» **Given records**:
● ● ● ● ● ● ●
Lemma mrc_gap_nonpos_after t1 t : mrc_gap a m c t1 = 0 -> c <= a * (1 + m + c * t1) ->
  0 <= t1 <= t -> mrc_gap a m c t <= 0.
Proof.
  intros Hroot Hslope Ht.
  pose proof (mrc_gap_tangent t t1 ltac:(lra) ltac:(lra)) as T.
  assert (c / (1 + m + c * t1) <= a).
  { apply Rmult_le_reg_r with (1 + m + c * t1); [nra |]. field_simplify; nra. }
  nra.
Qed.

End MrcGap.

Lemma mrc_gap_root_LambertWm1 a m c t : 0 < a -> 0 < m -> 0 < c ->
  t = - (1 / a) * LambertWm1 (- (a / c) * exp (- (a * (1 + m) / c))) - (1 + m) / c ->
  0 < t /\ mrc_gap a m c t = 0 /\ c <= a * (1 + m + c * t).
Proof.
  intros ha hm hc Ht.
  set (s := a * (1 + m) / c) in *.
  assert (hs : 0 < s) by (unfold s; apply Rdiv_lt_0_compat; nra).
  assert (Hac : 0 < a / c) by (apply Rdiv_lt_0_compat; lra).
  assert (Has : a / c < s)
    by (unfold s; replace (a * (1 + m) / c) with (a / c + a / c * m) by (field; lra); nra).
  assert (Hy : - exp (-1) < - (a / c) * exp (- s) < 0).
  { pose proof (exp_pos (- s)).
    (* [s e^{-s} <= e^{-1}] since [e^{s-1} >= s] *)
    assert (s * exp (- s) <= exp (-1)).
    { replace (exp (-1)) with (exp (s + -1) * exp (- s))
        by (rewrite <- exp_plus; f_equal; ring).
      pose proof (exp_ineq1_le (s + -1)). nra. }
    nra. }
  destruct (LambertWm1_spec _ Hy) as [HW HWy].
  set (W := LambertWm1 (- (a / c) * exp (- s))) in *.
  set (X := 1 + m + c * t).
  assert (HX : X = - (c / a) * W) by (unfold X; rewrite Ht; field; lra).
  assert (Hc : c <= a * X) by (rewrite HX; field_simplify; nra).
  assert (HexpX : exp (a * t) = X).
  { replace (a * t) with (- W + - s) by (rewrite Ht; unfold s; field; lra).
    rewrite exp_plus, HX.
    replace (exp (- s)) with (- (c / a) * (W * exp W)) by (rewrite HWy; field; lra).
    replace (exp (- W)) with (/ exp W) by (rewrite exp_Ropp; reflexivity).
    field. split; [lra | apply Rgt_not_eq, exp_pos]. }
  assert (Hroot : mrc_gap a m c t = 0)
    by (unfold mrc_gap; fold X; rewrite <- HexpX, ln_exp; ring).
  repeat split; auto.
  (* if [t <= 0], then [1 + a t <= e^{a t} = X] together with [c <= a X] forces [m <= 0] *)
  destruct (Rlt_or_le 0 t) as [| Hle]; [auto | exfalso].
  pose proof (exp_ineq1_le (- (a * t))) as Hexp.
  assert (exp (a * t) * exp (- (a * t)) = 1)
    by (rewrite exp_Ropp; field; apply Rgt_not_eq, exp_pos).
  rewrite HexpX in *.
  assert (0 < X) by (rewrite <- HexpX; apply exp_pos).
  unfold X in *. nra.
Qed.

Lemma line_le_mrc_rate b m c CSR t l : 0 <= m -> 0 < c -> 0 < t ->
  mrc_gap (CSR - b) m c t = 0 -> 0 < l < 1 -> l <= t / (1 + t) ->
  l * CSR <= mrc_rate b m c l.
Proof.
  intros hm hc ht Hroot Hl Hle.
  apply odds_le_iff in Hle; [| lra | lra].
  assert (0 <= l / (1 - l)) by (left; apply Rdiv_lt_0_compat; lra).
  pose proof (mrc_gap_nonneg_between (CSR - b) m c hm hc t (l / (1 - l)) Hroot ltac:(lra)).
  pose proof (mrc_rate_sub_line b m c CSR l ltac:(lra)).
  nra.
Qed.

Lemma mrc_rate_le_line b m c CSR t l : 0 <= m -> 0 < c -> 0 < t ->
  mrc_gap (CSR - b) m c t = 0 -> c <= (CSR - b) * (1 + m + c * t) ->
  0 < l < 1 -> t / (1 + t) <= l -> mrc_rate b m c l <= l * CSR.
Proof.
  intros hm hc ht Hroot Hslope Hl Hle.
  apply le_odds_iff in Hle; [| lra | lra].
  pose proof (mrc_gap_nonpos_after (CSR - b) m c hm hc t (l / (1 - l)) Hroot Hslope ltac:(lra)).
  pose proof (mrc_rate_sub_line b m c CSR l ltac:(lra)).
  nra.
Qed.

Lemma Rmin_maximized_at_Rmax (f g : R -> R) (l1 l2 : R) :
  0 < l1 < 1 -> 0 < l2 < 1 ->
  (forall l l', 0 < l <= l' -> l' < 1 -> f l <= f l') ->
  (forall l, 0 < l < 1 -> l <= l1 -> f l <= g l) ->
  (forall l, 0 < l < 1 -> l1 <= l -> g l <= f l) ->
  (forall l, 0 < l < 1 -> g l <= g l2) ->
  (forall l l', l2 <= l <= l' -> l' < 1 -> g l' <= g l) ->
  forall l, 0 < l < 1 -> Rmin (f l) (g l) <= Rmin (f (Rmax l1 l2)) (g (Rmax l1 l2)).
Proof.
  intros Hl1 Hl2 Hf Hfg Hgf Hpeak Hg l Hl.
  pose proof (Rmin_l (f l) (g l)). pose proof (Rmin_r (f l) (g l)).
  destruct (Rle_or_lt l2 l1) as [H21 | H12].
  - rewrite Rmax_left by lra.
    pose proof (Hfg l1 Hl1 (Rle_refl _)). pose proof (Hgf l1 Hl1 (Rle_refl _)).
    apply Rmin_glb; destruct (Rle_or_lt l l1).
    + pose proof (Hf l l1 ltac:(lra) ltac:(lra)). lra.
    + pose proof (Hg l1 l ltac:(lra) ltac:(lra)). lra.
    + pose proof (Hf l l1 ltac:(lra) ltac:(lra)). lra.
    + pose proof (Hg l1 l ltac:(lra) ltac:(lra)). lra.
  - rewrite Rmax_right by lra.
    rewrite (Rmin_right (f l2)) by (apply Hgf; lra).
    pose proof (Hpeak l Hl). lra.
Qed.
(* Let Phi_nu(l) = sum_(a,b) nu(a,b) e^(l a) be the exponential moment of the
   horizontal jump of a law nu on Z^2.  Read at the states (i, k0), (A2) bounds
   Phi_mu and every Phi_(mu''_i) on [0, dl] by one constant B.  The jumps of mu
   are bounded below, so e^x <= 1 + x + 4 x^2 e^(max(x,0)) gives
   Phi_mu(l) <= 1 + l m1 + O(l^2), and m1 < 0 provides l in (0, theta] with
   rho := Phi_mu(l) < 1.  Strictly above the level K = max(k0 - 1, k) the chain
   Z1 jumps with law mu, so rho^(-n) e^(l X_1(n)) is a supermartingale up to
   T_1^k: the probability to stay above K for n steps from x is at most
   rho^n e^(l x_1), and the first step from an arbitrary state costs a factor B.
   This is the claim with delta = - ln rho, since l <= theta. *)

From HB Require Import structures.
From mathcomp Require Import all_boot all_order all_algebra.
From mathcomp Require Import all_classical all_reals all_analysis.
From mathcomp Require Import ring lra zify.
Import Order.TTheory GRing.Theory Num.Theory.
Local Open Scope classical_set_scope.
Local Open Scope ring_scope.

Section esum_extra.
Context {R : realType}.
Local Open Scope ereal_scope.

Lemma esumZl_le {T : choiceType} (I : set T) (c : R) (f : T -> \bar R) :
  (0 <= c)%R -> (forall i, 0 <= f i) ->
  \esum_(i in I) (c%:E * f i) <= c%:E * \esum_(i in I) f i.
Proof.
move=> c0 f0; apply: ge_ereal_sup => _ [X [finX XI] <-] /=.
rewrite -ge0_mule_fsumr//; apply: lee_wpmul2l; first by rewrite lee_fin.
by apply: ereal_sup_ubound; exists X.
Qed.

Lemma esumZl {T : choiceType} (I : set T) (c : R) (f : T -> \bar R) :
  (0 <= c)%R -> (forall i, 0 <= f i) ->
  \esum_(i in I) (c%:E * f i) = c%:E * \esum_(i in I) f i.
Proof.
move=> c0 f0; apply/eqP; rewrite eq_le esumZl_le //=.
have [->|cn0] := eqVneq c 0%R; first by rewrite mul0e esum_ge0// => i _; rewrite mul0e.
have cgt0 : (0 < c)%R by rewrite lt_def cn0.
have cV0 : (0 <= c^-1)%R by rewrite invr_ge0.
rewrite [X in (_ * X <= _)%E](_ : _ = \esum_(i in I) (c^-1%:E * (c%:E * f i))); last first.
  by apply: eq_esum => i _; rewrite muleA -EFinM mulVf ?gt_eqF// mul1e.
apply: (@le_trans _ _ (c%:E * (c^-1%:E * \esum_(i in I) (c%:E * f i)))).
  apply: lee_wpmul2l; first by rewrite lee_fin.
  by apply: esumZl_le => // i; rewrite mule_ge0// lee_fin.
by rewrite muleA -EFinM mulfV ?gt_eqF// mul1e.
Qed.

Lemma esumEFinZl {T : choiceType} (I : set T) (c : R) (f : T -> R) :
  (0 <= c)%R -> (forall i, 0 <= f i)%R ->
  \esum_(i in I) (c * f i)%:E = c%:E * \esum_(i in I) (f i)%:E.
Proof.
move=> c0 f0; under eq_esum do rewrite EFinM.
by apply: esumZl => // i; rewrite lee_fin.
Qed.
● ● ● ● ● ● ●
» **The problem**:
Copy the lines from the start of the data verbatim, stopping after the line containing "pose proof (mrc_gap_tangent".

» **Written answer**:
Lemma mrc_gap_nonpos_after t1 t : mrc_gap a m c t1 = 0 -> c <= a * (1 + m + c * t1) ->
  0 <= t1 <= t -> mrc_gap a m c t <= 0.
Proof.
  intros Hroot Hslope Ht.
  pose proof (mrc_gap_tangent t t1 ltac:(lra) ltac:(lra)) as T.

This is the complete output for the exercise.